ForwardDiff.jl icon indicating copy to clipboard operation
ForwardDiff.jl copied to clipboard

Cannot compute gradient with `ArrayPartition` that holds containers of different types

Open bvdmitri opened this issue 1 year ago • 3 comments

ArrayPartition is a useful structure to concatenate arrays of different types. The type is defined in SciML/RecursiveArrayTools.jl

ArrayPartitions are also used in many places in SciML ecosystem, but also in other places like Manopt.jl. It appears, though, that if ArrayPartition references two containers, one of eltype is Float64 and another one is Int64, the gradient from ForwardDiff fails.

MWE is:

julia> using ForwardDiff, RecursiveArrayTools

julia> v = [ 0.0, 1 ]
2-element Vector{Float64}:
 0.0
 1.0

julia> f(v) = sum(v)
f (generic function with 1 method)

julia> ForwardDiff.gradient(f, [ 0.0, 1 ])
2-element Vector{Float64}:
 1.0
 1.0

julia> ForwardDiff.gradient(f, ArrayPartition([ 0.0 ], [ 1 ]))
ERROR: MethodError: no method matching ForwardDiff.Dual{ForwardDiff.Tag{typeof(f), Float64}, Float64, 2}(::Int64, ::ForwardDiff.Partials{2, Float64})

Closest candidates are:
  ForwardDiff.Dual{T, V, N}(::Number) where {T, V, N}
   @ ForwardDiff ~/.julia/packages/ForwardDiff/PcZ48/src/dual.jl:78
  ForwardDiff.Dual{T, V, N}(::Any) where {T, V, N}
   @ ForwardDiff ~/.julia/packages/ForwardDiff/PcZ48/src/dual.jl:77
  ForwardDiff.Dual{T, V, N}(::V, ::ForwardDiff.Partials{N, V}) where {T, V, N}
   @ ForwardDiff ~/.julia/packages/ForwardDiff/PcZ48/src/dual.jl:17

Stacktrace:
  [1] _broadcast_getindex_evalf
    @ ./broadcast.jl:709 [inlined]
  [2] _broadcast_getindex
    @ ./broadcast.jl:682 [inlined]
  [3] getindex
    @ ./broadcast.jl:636 [inlined]
  [4] macro expansion
    @ ./broadcast.jl:1004 [inlined]
  [5] macro expansion
    @ ./simdloop.jl:77 [inlined]
  [6] copyto!
    @ ./broadcast.jl:1003 [inlined]
  [7] copyto!
    @ ./broadcast.jl:956 [inlined]
  [8] materialize!
    @ ./broadcast.jl:914 [inlined]
  [9] materialize!
    @ ./broadcast.jl:911 [inlined]
 [10] seed!(duals::ArrayPartition{…}, x::ArrayPartition{…}, seeds::Tuple{…})
    @ ForwardDiff ~/.julia/packages/ForwardDiff/PcZ48/src/apiutils.jl:52
 [11] vector_mode_dual_eval!
    @ ~/.julia/packages/ForwardDiff/PcZ48/src/apiutils.jl:23 [inlined]

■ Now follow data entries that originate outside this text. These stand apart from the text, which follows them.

(* Assume the setting below. For all $k\in\mathbb{N}$ and all integers $i\ge e-1$, $\mu_{k,i}=\mu_{k,i+1}$.
   Context: Let $K$ be a difference field of characteristic $0$, i.e. a field of characteristic $0$ with a field endomorphism $\sigma$. Let $\mathcal{Y}=\{y_1,\ldots,y_n\}$ be difference indeterminates and $K\{\mathcal{Y}\}$ the difference polynomial ring: the polynomial ring over $K$ in the variables $y_j^{(l)}$ ($1\le j\le n$, $l\in\mathbb{N}$), with $\sigma(y_j^{(l)})=y_j^{(l+1)}$. For $f\in K\{\mathcal{Y}\}$ write $f^{(j)}=\sigma^j(f)$. A $\sigma$-ideal is an ideal stable under $\sigma$; it is reflexive if $\sigma(a)\in I$ implies $a\in I$, and $\sigma$-prime if reflexive and prime. Let $\mathcal{Y}^{(k)}=\{y_1^{(k)},\dots,y_n^{(k)}\}$. Let $F=\{f_1,\ldots,f_r\}\subset K\{\mathcal{Y}\}$, $F^{(j)}=\{f_1^{(j)},\dots,f_r^{(j)}\}$, and let $e\ge1$ be the maximal $l$ such that some $y_j^{(l)}$ occurs in $F$. Let $\mathfrak{p}$ be a $\sigma$-prime ideal of $K\{\mathcal{Y}\}$ minimal over the $\sigma$-ideal $[F]$, and let $\kappa$ be the residue field of $\mathfrak{p}$ (the fraction field of $K\{\mathcal{Y}\}/\mathfrak{p}$). For $k\ge1$ and $i\ge e-1$, let $J_{k,i}$ be the $kr\times kn$ matrix $\partial(F^{(i-e+1)},\ldots,F^{(i-e+k)})/\partial(\mathcal{Y}^{(i+1)},\ldots,\mathcal{Y}^{(i+k)})$, i.e. its $(a,b)$ block ($1\le a,b\le k$) is the $r\times n$ matrix $(\partial f_l^{(i-e+a)}/\partial y_j^{(i+b)})_{l,j}$. Define $\mu_{0,i}:=0$ and, for $k\ge1$, $\mu_{k,i}:=\dim_\kappa\ker(J_{k,i}^{\tau})=kr-\operatorname{rank}_\kappa(J_{k,i})$, where $J_{k,i}^\tau$ is the transpose and $J_{k,i}$ is considered over $\kappa$ via the images of its entries. *)

From HB Require Import structures.
From mathcomp Require Import all_boot all_algebra.
From mathcomp Require Import finmap.
From mathcomp.multinomials Require Export monalg.

Set Implicit Arguments.
Unset Strict Implicit.
Unset Printing Implicit Defensive.

Import GRing.Theory.
Local Open Scope ring_scope.

(* The difference polynomial ring K{Y} in the difference indeterminates
   y_1..y_n : the polynomial ring over K in the variables y_j^(l),
   indexed here by pairs (l, j) with l : nat and j : 'I_n. *)
Definition dvar (n : nat) : choiceType := (nat * 'I_n)%type.

Definition dpoly (K : fieldType) (n : nat) := {malg K[{cmonom (dvar n)}]}.

Definition yv (K : fieldType) (n : nat) (l : nat) (j : 'I_n) : dpoly K n :=
  << ucm ((l, j) : dvar n) >>.

(* the extension of sigma to K{Y}: coefficients are mapped by sigma and
   y_j^(l) is mapped to y_j^(l+1) *)
Definition dsigma (K : fieldType) (n : nat) (sK : K -> K) (f : dpoly K n)
  : dpoly K n :=
  mmap (fun c : K => (sK c)%:MP)
       (fun m : {cmonom (dvar n)} =>
          \prod_(v <- finsupp m) yv K v.1.+1 v.2 ^+ (m v)) f.

Definition dderiv (K : fieldType) (n : nat) (v : dvar n) (f : dpoly K n)
  : dpoly K n :=
  \sum_(m <- msupp f) << ((m v)%:R * f@_m) *g divcm m (ucm v) >>.

Definition occurs (K : fieldType) (n : nat) (l : nat) (j : 'I_n)
  (f : dpoly K n) : Prop :=
  exists2 m, m \in msupp f & (0 < m ((l, j) : dvar n))%N.

Definition is_ideal (A : comNzRingType) (I : A -> Prop) : Prop :=
  [/\ I 0, (forall a b, I a -> I b -> I (a + b)) & (forall a b, I b -> I (a * b))].

Definition sigma_ideal (A : comNzRingType) (s : A -> A) (I : A -> Prop) : Prop :=
  is_ideal I /\ (forall a, I a -> I (s a)).

Definition reflexive_ideal (A : comNzRingType) (s : A -> A) (I : A -> Prop) : Prop :=
  forall a, I (s a) -> I a.

Definition prime_ideal (A : comNzRingType) (I : A -> Prop) : Prop :=
  [/\ is_ideal I, ~ I 1 & (forall a b, I (a * b) -> I a \/ I b)].

Definition sigma_prime (A : comNzRingType) (s : A -> A) (I : A -> Prop) : Prop :=
  [/\ sigma_ideal s I, reflexive_ideal s I & prime_ideal I].

Definition sigma_gen (A : comNzRingType) (s : A -> A) (S : A -> Prop) (a : A)
  : Prop :=
  forall I, sigma_ideal s I -> (forall x, S x -> I x) -> I a.

Definition minimal_sigma_prime_over (A : comNzRingType) (s : A -> A)
  (S : A -> Prop) (p : A -> Prop) : Prop :=
  [/\ sigma_prime s p,
      (forall a, sigma_gen s S a -> p a) &
      (forall q, sigma_prime s q -> (forall a, sigma_gen s S a -> q a) ->
         (forall a, q a -> p a) -> forall a, p a -> q a)].

(* (L, phi) is (a copy of) the residue field of p: the fraction field of A/p *)
Definition residue_field_of (A : comNzRingType) (p : A -> Prop)
  (L : fieldType) (phi : A -> L) : Prop :=
  (forall a, phi a = 0 <-> p a) /\
  (forall x : L, exists a b, phi b != 0 /\ x = phi a / phi b).

(* decoding an index of 'I_(m * n) as a pair (block index, inner index) *)
Definition unpair (m n : nat) (p : 'I_(m * n)) : 'I_m * 'I_n :=
  enum_val (cast_ord (esym (@mxvec_cast m n)) p).

(* J_{k,i} = d(F^(i-e+1),...,F^(i-e+k)) / d(Y^(i+1),...,Y^(i+k)),
   a (k r) x (k n) matrix; block (a,b) (0-based) is
   (d f_l^(i-e+1+a) / d y_j^(i+1+b))_{l,j}. *)
Definition jacobian (K : fieldType) (n r : nat) (sK : K -> K)
  (F : 'I_r -> dpoly K n) (e k i : nat) : 'M[dpoly K n]_(k * r, k * n) :=
  \matrix_(p < k * r, q < k * n)
    dderiv ((i + 1 + (unpair q).1)%N, (unpair q).2)
           (iter (i + 1 - e + (unpair p).1) (dsigma sK) (F (unpair p).2)).

Definition mu (K : fieldType) (n r : nat) (sK : K -> K)
  (F : 'I_r -> dpoly K n) (e : nat) (L : fieldType) (phi : dpoly K n -> L)
  (k i : nat) : nat :=
  (k * r - \rank (map_mx phi (jacobian sK F e k i)))%N.

From HB Require Import structures.
From mathcomp Require Import all_boot all_algebra finmap.
From mathcomp Require Import ring.
From mathcomp.multinomials Require Import monalg.

Set Implicit Arguments.
Unset Strict Implicit.
Unset Printing Implicit Defensive.

Import GRing.Theory.
Local Open Scope ring_scope.

(* Differentiation commutes with sigma up to a shift of the variable:
   d sigma(f) / d y_j^(l+1) = sigma(d f / d y_j^(l)).  Hence J_{k,i+1} is
   J_{k,i} with sigma applied entrywise.  As p is a reflexive sigma-ideal,
   sigma(a) lies in p iff a does, so sigma induces a field endomorphism of
   the residue field kappa, and field homomorphisms preserve the rank of a
   matrix. *)

Section ShiftMonomial.
Variable n : nat.
Implicit Types (x m : {cmonom (dvar n)}) (v w : dvar n).

Definition cmpow x k : {cmonom (dvar n)} := \big[mmul/mone]_(i < k) x.

Lemma cm_prod (T : Type) (s : seq T) (F : T -> {cmonom (dvar n)}) w :
  (\big[mmul/mone]_(t <- s) F t) w = (\sum_(t <- s) F t w)%N.
Proof. by elim: s => [|t s IH]; rewrite ?big_nil ?cm1 // !big_cons cmM IH. Qed.

Lemma cmpowE x k w : cmpow x k w = (k * x w)%N.
Proof. by rewrite cm_prod sum_nat_const card_ord. Qed.

Definition shiftv v : dvar n := (v.1.+1, v.2).

Definition shiftm m : {cmonom (dvar n)} :=
  \big[mmul/mone]_(v <- finsupp m) cmpow (ucm (shiftv v)) (m v).

Lemma shiftmE m w : shiftm m w = if w.1 is l.+1 then m (l, w.2) else 0%N.
Proof.
rewrite /shiftm cm_prod.
under eq_bigr do rewrite cmpowE cmU.
case: w => [[|l] j] /=; first by rewrite big1 // => v _; rewrite muln0.
have shiftv_eq v : (shiftv v == (l.+1, j)) = (v == (l, j)).
  by case: v => a b; rewrite /shiftv !xpair_eqE eqSS.
under eq_bigr do rewrite shiftv_eq.
case: (finsuppP m (l, j)) => [lj_out | lj_in].
  rewrite big1_seq // => v /= v_in.
  by case: eqP v_in => [-> lj_in|]; [rewrite lj_in in lj_out | rewrite muln0].
rewrite (big_fsetD1 (l, j)) //= eqxx muln1 big1_fset ?addn0 // => v.
by rewrite in_fsetD1 => /andP[/negPf -> _]; rewrite muln0.
Qed.

Lemma shiftm1 : shiftm mone = mone.
Proof. by apply/eqP/cmP => -[[|l] j]; rewrite shiftmE /= ?cm1. Qed.

Lemma shiftmM m1 m2 : shiftm (mmul m1 m2) = mmul (shiftm m1) (shiftm m2).
Proof. by apply/eqP/cmP => -[[|l] j]; rewrite !cmM !shiftmE /= ?cmM. Qed.

Lemma shiftm_shiftv m v : shiftm m (shiftv v) = m v.
Proof. by rewrite shiftmE; case: v. Qed.

Lemma shiftm_divU m v :
  shiftm (divcm m (ucm v)) = divcm (shiftm m) (ucm (shiftv v)).
Proof.
apply/eqP/cmP => -[[|l] j]; rewrite !divcmE !shiftmE //= divcmE !cmU.
by case: v => a b; rewrite /shiftv !xpair_eqE eqSS.
Qed.
End ShiftMonomial.

Lemma malgUM (R : nzRingType) (M : monomType) (c1 c2 : R) (m1 m2 : M) :
  << c1 *g m1 >> * << c2 *g m2 >> = << c1 * c2 *g mmul m1 m2 >> :> {malg R[M]}.
Proof. by rewrite malgM_def fgmulUU. Qed.

Lemma malgU1M (R : nzRingType) (M : monomType) (m1 m2 : M) :
  << m1 >> * << m2 >> = << mmul m1 m2 >> :> {malg R[M]}.
Proof. by rewrite malgUM mul1r. Qed.

Lemma malg_additive_ext (M : choiceType) (G Z : zmodType)
    (Phi Psi : {additive {malg G[M]} -> Z}) :
  (forall c m, Phi << c *g m >> = Psi << c *g m >>) -> Phi =1 Psi.
Proof. by move=> PhiPsi g; rewrite (monalgE g) !raddf_sum; apply: eq_bigr. Qed.

Section DifferencePolynomials.
Variables (K : fieldType) (n : nat).
Local Notation M := {cmonom (dvar n)}.
Local Notation P := (dpoly K n).
Implicit Types (m : M) (v w : dvar n) (c : K) (f : P).

Lemma yvX l j k : yv K l j ^+ k = << cmpow (ucm ((l, j) : dvar n)) k >>.
Proof.
elim: k => [|k IH]; first by rewrite expr0 /cmpow big_ord0.
(* The sides differ only in the choiceType instance of the monomials (inferred
   from the generic monomType in [malgU1M]); [reflexivity] unfolds it, whereas
   [done] does not terminate.  The same happens twice below. *)
by rewrite exprS IH /yv malgU1M /cmpow big_ord_recl; reflexivity.
Qed.

Lemma prod_yvX_finsupp m :
  \prod_(v <- finsupp m) yv K v.1.+1 v.2 ^+ (m v) = << shiftm m >>.
Proof.
rewrite /shiftm; elim: (finsupp m : seq _) => [|[l j] s IH].
  by rewrite !big_nil.
by rewrite !big_cons IH yvX malgU1M; reflexivity.
Qed.

Definition shiftU m : P := << shiftm m >>.

Lemma shiftU_is_mmorphism : mmorphism shiftU.
Proof. by split=> [m1 m2|]; rewrite /shiftU ?shiftmM ?malgUM ?mul1r ?shiftm1. Qed.
HB.instance Definition _ := isMultiplicative.Build M P shiftU shiftU_is_mmorphism.

Variable sK : {rmorphism K -> K}.

Lemma dsigmaE f : dsigma sK f = mmap (malgC \o sK) shiftU f.
Proof.
by rewrite /dsigma !mmapE; apply: eq_bigr => m _; rewrite prod_yvX_finsupp.
Qed.

Lemma dsigma_is_additive : additive (@dsigma K n sK).
Proof. by move=> f g; rewrite !dsigmaE raddfB. Qed.
HB.instance Definition _ :=
  GRing.isAdditive.Build P P (@dsigma K n sK) dsigma_is_additive.

Lemma dsigma_is_multiplicative : GRing.multiplicative (@dsigma K n sK).
Proof. by split=> [f g|]; rewrite !dsigmaE (rmorphM, rmorph1). Qed.
HB.instance Definition _ :=
  GRing.isMultiplicative.Build P P (@dsigma K n sK) dsigma_is_multiplicative.

Lemma dsigmaU c m : dsigma sK << c *g m >> = << sK c *g shiftm m >>.
Proof. by rewrite dsigmaE mmapU /= malgUM mulr1 mul1m. Qed.

Definition derivU v m : P := << (m v)%:R *g divcm m (ucm v) >>.

Lemma dderivE v f : dderiv v f = mmap malgC (derivU v) f.
Proof.
by rewrite /dderiv mmapE; apply: eq_bigr => m _; rewrite malgUM mul1m mulrC.
Qed.

Lemma dderiv_is_additive v : additive (@dderiv K n v).
Proof. by move=> f g; rewrite !dderivE raddfB. Qed.
HB.instance Definition _ v :=
  GRing.isAdditive.Build P P (@dderiv K n v) (dderiv_is_additive v).

Lemma dderivU v c m :
  dderiv v << c *g m >> = << c * (m v)%:R *g divcm m (ucm v) >>.
Proof. by rewrite dderivE mmapU malgUM mul1m. Qed.

Lemma dderiv_dsigma w f :
  dderiv (shiftv w) (dsigma sK f) = dsigma sK (dderiv w f).
Proof.
apply: (@malg_additive_ext _ _ _
  (dderiv (shiftv w) \o dsigma sK) (dsigma sK \o dderiv w)) => c m /=.
rewrite dsigmaU !dderivU dsigmaU shiftm_shiftv shiftm_divU rmorphM rmorph_nat.
reflexivity.
Qed.
End DifferencePolynomials.

Section InducedEndomorphism.
Variables (A : comNzRingType) (L : fieldType).
Variables (s : {rmorphism A -> A}) (phi : {rmorphism A -> L}).
Hypothesis phi_s_eq0 : forall a, (phi (s a) == 0) = (phi a == 0).
Hypothesis phi_frac : forall x : L, exists a b, phi b != 0 /\ x = phi a / phi b.

Lemma phi_s_neq0 b : phi b != 0 -> phi (s b) != 0.
Proof. by rewrite phi_s_eq0. Qed.

Lemma phi_s_frac_eq a b c d : phi b != 0 -> phi d != 0 ->
  phi a / phi b = phi c / phi d -> phi (s a) / phi (s b) = phi (s c) / phi (s d).
Proof.
move=> nzb nzd /eqP; rewrite eqr_div // -!rmorphM -subr_eq0 -rmorphB -phi_s_eq0.
by rewrite !rmorphB !rmorphM subr_eq0 -eqr_div ?phi_s_neq0 // => /eqP.
Qed.

Lemma exists_frac x :
  exists ab : A * A, (phi ab.2 != 0) && (x == phi ab.1 / phi ab.2).
Proof. by have [a [b [nzb ->]]] := phi_frac x; exists (a, b); rewrite nzb eqxx. Qed.

Definition induced_endo (x : L) : L :=
  let ab := xchoose (exists_frac x) in phi (s ab.1) / phi (s ab.2).

Lemma induced_endo_frac a b :
  phi b != 0 -> induced_endo (phi a / phi b) = phi (s a) / phi (s b).
Proof.
move=> nzb; rewrite /induced_endo.
case: (xchoose _) (xchooseP (exists_frac (phi a / phi b))) => a0 b0 /=.
by case/andP=> nzb0 /eqP/esym/phi_s_frac_eq; apply.
Qed.

Lemma induced_endo_phi a : induced_endo (phi a) = phi (s a).
Proof.
by have := @induced_endo_frac a 1; rewrite !rmorph1 !divr1; apply; exact: oner_neq0.
Qed.

Lemma induced_endo_is_additive : additive induced_endo.
Proof.
move=> x y; have [a [b [nzb ->]]] := phi_frac x; have [c [d [nzd ->]]] := phi_frac y.
have nzbd : phi (b * d) != 0 by rewrite rmorphM mulf_neq0.
have -> : phi a / phi b - phi c / phi d = phi (a * d - c * b) / phi (b * d).
  by rewrite rmorphB !rmorphM; field; rewrite nzb nzd.
have [nzsb nzsd] := (phi_s_neq0 nzb, phi_s_neq0 nzd).
by rewrite !induced_endo_frac // !rmorphB !rmorphM; field; rewrite nzsb nzsd.
Qed.
HB.instance Definition _ :=
  GRing.isAdditive.Build L L induced_endo induced_endo_is_additive.

Lemma induced_endo_is_multiplicative : GRing.multiplicative induced_endo.
Proof.
split=> [x y|]; last by rewrite -(rmorph1 phi) induced_endo_phi !rmorph1.
have [a [b [nzb ->]]] := phi_frac x; have [c [d [nzd ->]]] := phi_frac y.
have nzbd : phi (b * d) != 0 by rewrite rmorphM mulf_neq0.
have -> : phi a / phi b * (phi c / phi d) = phi (a * c) / phi (b * d).
  by rewrite !rmorphM; field; rewrite nzb nzd.
have [nzsb nzsd] := (phi_s_neq0 nzb, phi_s_neq0 nzd).
by rewrite !induced_endo_frac // !rmorphM; field; rewrite nzsb nzsd.
Qed.
HB.instance Definition _ :=
  GRing.isMultiplicative.Build L L induced_endo induced_endo_is_multiplicative.

Lemma mxrank_map_endo m n (J : 'M[A]_(m, n)) :
  \rank (map_mx phi (map_mx s J)) = \rank (map_mx phi J).
Proof.
have -> : map_mx phi (map_mx s J) = map_mx induced_endo (map_mx phi J).
  by apply/matrixP => i j; rewrite !mxE induced_endo_phi.
exact: mxrank_map.
Qed.
End InducedEndomorphism.

Lemma jacobianS (K : fieldType) (n r : nat) (sK : {rmorphism K -> K})
    (F : 'I_r -> dpoly K n) (e k i : nat) : (e <= i.+1)%N ->
  jacobian sK F e k i.+1 = map_mx (dsigma sK) (jacobian sK F e k i).
Proof.
move=> le_e_i1; apply/matrixP => a b; rewrite !mxE.
have -> : (i.+1 + 1 - e + (unpair a).1 = (i + 1 - e + (unpair a).1).+1)%N.
  by rewrite addn1 subSn // addn1.
by rewrite iterS -dderiv_dsigma /shiftv /= !addn1 addSn.
Qed.

Theorem mainTheorem4
  (K : fieldType) (charK0 : [pchar K] =i pred0)
  (sK : {rmorphism K -> K})
  (n r : nat) (F : 'I_r -> dpoly K n) (e : nat)
  (e_ge1 : (1 <= e)%N)
  (e_occ : exists t j, occurs e j (F t))
  (e_max : forall t l j, occurs l j (F t) -> (l <= e)%N)
  (p : dpoly K n -> Prop)
  (p_min : minimal_sigma_prime_over (dsigma sK)
             (fun f => exists t, f = F t) p)
  (L : fieldType) (phi : {rmorphism dpoly K n -> L})
  (kappa : residue_field_of p phi) :
  forall k i : nat, (e.-1 <= i)%N ->
    mu sK F e phi k i = mu sK F e phi k i.+1.
Proof.
move=> k i le_e1_i.
have le_e_i1 : (e <= i.+1)%N by rewrite -(prednK e_ge1) ltnS.
have [[[_ p_sigma] p_reflexive _] _ _] := p_min.
have [phi_eq0 phi_frac] := kappa.
have phi_sigma_eq0 a : (phi (dsigma sK a) == 0) = (phi a == 0).
  apply/eqP/eqP => /phi_eq0 pa; apply/phi_eq0.
  - exact: p_reflexive.
  - exact: p_sigma.
by rewrite /mu jacobianS // mxrank_map_endo.
Qed.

bvdmitri avatar Jul 25 '24 16:07 bvdmitri

I think the reason ForwardDiff is confused because this ArrayPartition declares itself to have Float64 elements, but in fact returns an Int sometimes:

julia> ap = ArrayPartition([ 0.0 ], [ 1 ])
([0.0], [1])

julia> size(ap), axes(ap), eltype(ap), supertype(typeof(ap))
((2,), (Base.OneTo(2),), Float64, AbstractVector{Float64})

julia> ap[1]  # no surprise
0.0

julia> ap[2]  # very surprising
1

julia> ap[1:2]  # here you get the expected eltype
2-element Vector{Float64}:
 0.0
 1.0

julia> ap[2,1:1]
1-element Vector{Float64}:
 1.0

The usual way to encode that elements of a vector have different types is to have an abstract eltype, which it seems ForwardDiff is able to handle.

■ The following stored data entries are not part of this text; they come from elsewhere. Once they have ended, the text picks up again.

(* Let $n\geq1$ and $m=2^{n+1}-1$. Let $e_1,e_3,\dots,e_{2^n-1}\in\mathrm K(n)^*(\mathrm{SO}_m)$ be the generators of $\mathrm K(n)^*(\mathrm{SO}_m)=\mathbb F_2[v_n^{\pm1}][e_1,e_3,\dots,e_{2^n-1}]/(e_{2i-1}^{2^{k_i}})$, $k_i=\lfloor\log_2\frac{2^{n+1}-2}{2i-1}\rfloor$, with co-multiplication as in Theorem 3.1, and let $\alpha_{2^n-1}\in\mathrm K(n)^*(\mathrm{SO}_m)^\vee$ be the element of the basis dual to the monomial basis $\{\prod_i e_{2i-1}^{t_i}:0\le t_i<2^{k_i}\}$ corresponding to $e_{2^n-1}$. Then the only idempotents of the algebra $\mathrm K(n)^*(\mathrm{SO}_m)^\vee$ other than $0$ and $1$ are $v_n^{-1}\alpha_{2^n-1}$ and $1-v_n^{-1}\alpha_{2^n-1}$.
   Context: Base field of characteristic $0$, prime $2$. $\mathrm K(n)^*=\Omega^*\otimes_{\mathbb L}\mathbb F_2[v_n^{\pm1}]$ algebraic Morava K-theory; $\mathrm K(n)^*(\mathrm{SO}_m)$ is a Hopf algebra over $\mathbb F_2[v_n^{\pm1}]$, free of finite rank, with co-multiplication induced by the multiplication of the split group $\mathrm{SO}_m$; $\mathrm K(n)^*(\mathrm{SO}_m)^\vee=\mathrm{Hom}_{\mathbb F_2[v_n^{\pm1}]}(\mathrm K(n)^*(\mathrm{SO}_m),\mathbb F_2[v_n^{\pm1}])$ with multiplication dual to the co-multiplication. Theorem 3.1: $\widetilde\Delta(e_{2^n-1})=v_ne_{2^n-1}\otimes e_{2^n-1}$ and, with $\langle t\rangle=2^n-1-t$, $e_{2^dj}:=e_j^{2^d}$, $\widetilde\Delta(e_{\langle 2k\rangle})=\sum_{i=0}^{\nu_2(k)}v_n^{i+1}e_{\langle k/2^i\rangle}\otimes e_{\langle k/2^i\rangle}\prod_{j<i}(e_{\langle k/2^j\rangle}\otimes1+1\otimes e_{\langle k/2^j\rangle})$ for $1\le k\le2^{n-1}-1$. *)

From HB Require Import structures.
From mathcomp Require Import all_boot all_order all_algebra.
From mathcomp Require Import fraction.
From mathcomp Require Import mpoly.
Set Implicit Arguments. Unset Strict Implicit. Unset Printing Implicit Defensive.
Import GRing.Theory.
Local Open Scope ring_scope.

(* Base field: the fraction field of F_2[v]; the coefficient ring
   F_2[v^{+-1}] is the subring of Laurent elements (see [laurent]). *)
Notation K := {fraction {poly 'F_2}}.
Notation tofracP := (@FracField.tofrac {poly 'F_2}).
Definition v : K := tofracP 'X.
Definition laurent (x : K) : Prop :=
  exists (k : nat) (p : {poly 'F_2}), x * v ^+ k = tofracP p.

(* Number of generators e_1, e_3, ..., e_{2^n-1} : 2^(n-1) (written so that
   the ordinal type is of the form 'I_(_.+1); equal to 2^(n-1) since it is >0).
   Generator number i (0 <= i < Ngen n) is e_{2i+1}. *)
Definition Ngen (n : nat) : nat := ((2 ^ n.-1).-1.+1)%N.

Definition kexp (n i : nat) : nat := trunc_log 2 ((2 ^ n.+1 - 2) %/ (2 * i + 1))%N.

(* Exponent vectors t, encoding the monomial prod_i e_{2i+1}^{t_i}. *)
Definition expvec (n : nat) := {ffun 'I_(Ngen n) -> 'I_(2 ^ n)%N}.
Definition admissible (n : nat) (t : expvec n) : bool :=
  [forall i, ((t i : nat) < 2 ^ kexp n i)%N].
Definition basis (n : nat) := {t : expvec n | admissible t}.

Definition mnm_of (n : nat) (b : basis n) : 'X_{1..Ngen n} :=
  [multinom (val b i : nat) | i < Ngen n].

(* Polynomial model of A (x) A (before imposing the monomial relations):
   outer variables 'X_i = e_{2i+1} (x) 1, inner variables = 1 (x) e_{2i+1}. *)
Definition Tens (n : nat) := {mpoly {mpoly K[Ngen n]}[Ngen n]}.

(Note that the other example above constructs a Vector{Float64}, promoting to 1.0 when making the array.)

julia> x64 = [ 0.0, 1 ]  # this promotes on construction
2-element Vector{Float64}:
 0.0
 1.0

julia> ForwardDiff.gradient(f, x64)  # as in question
2-element Vector{Float64}:
 1.0
 1.0

julia> xabs = Real[ 0.0, 1 ]  # abstract eltype, could also use  xabs = Union{Float64, Int}[ 0.0, 1 ] 
2-element Vector{Real}:
 0.0
 1

julia> ForwardDiff.gradient(f, xabs)  # also OK, ForwardDiff not confused
2-element Vector{Float64}:
 1.0
 1.0

Fixing ArrayPartition to declare its eltype accurately would be the obvious fix here, and would probably avoid many other weird edge cases. (Or else fixing its getindex definition to convert to the declared eltype.) Although I'm sure there's going to be some reason that consistency is inconvenient for something.

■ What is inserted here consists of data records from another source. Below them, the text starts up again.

(* Let $X$ be a shift space and $k\ge1$. The $k$-th higher block shift space $X^{(k)}$ is eventually dendric if and only if $X$ is eventually dendric.
   Context: $A$ is a finite alphabet; a shift space is a closed shift-invariant subset $X\subseteq A^{\mathbb Z}$ with language $\mathcal L(X)$ (finite factors), $\mathcal L_k(X)=\mathcal L(X)\cap A^k$. Given a bijection $f:\mathcal L_k(X)\to A_k$ onto a new alphabet $A_k$, the $k$-th higher block code $\gamma_k:X\to A_k^{\mathbb Z}$ is defined by $\gamma_k(x)_n=f(x_n\cdots x_{n+k-1})$ for all $n\in\mathbb Z$, and $X^{(k)}=\gamma_k(X)$ is the $k$-th higher block shift space. For a shift space $Y$ over alphabet $B$ and $w\in\mathcal L(Y)$, the extension graph $\mathcal E_1(w)$ is the undirected bipartite graph with vertex set the disjoint union of $\{a\in B: aw\in\mathcal L(Y)\}$ and $\{b\in B: wb\in\mathcal L(Y)\}$ and an edge $(a,b)$ iff $awb\in\mathcal L(Y)$. $Y$ is eventually dendric if for some $m\ge0$, $\mathcal E_1(w)$ is a tree for every $w\in\mathcal L(Y)$ of length $\ge m$. *)

From Stdlib Require Import ZArith ClassicalEpsilon.
From mathcomp Require Import all_boot.
Set Implicit Arguments. Unset Strict Implicit. Unset Printing Implicit Defensive.

(* Classical boolean reflection of a proposition (to use fingraph's bool relations). *)
Definition pb (P : Prop) : bool :=
  if excluded_middle_informative P then true else false.

Definition shiftZ (A : Type) (x : Z -> A) : Z -> A := fun n => x (n + 1)%Z.
Definition ishiftZ (A : Type) (x : Z -> A) : Z -> A := fun n => x (n - 1)%Z.

(* Closedness in the product topology of A^Z (A discrete): a point all of whose
   central blocks x_[-n,n] are matched by points of X lies in X. *)
Definition closed_set (A : finType) (X : (Z -> A) -> Prop) : Prop :=
  forall x : Z -> A,
    (forall n : nat, exists y, X y /\
       forall i : Z, (Z.abs i <= Z.of_nat n)%Z -> y i = x i) -> X x.

Definition shift_space (A : finType) (X : (Z -> A) -> Prop) : Prop :=
  closed_set X /\
  (forall x, X x -> X (shiftZ x)) /\ (forall x, X x -> X (ishiftZ x)).

Definition block (A : Type) (x : Z -> A) (n : Z) (k : nat) : seq A :=
  mkseq (fun i => x (n + Z.of_nat i)%Z) k.

Definition inL (A : finType) (X : (Z -> A) -> Prop) (w : seq A) : Prop :=
  exists x, X x /\ exists n : Z, w = block x n (size w).

Definition block_bijection (A B : finType) (X : (Z -> A) -> Prop) (k : nat)
    (f : seq A -> B) : Prop :=
  (forall w1 w2, inL X w1 -> size w1 = k -> inL X w2 -> size w2 = k ->
     f w1 = f w2 -> w1 = w2) /\
  (forall b : B, exists w, inL X w /\ size w = k /\ f w = b).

It's possible that ForwardDiff could be made more robust to misleading signals. For instance making the ForwardDiff.Dual constructor called above promote its first argument might work here?

mcabbott avatar Jul 25 '24 16:07 mcabbott

Opened an issue in RecursiveArrayTools as well, though, I have a feeling that this behaviour might be by design.

For instance making the ForwardDiff.Dual constructor called above promote its first argument might work here?

For me that would be an obvious fix, that shouldn't break anything, right?

bvdmitri avatar Jul 25 '24 18:07 bvdmitri

I have a feeling that this behaviour might be by design.

That just seems broken though. If fixing RecursiveArrayTools also fixes this then I don't think anything should be done here.

KristofferC avatar Jul 26 '24 11:07 KristofferC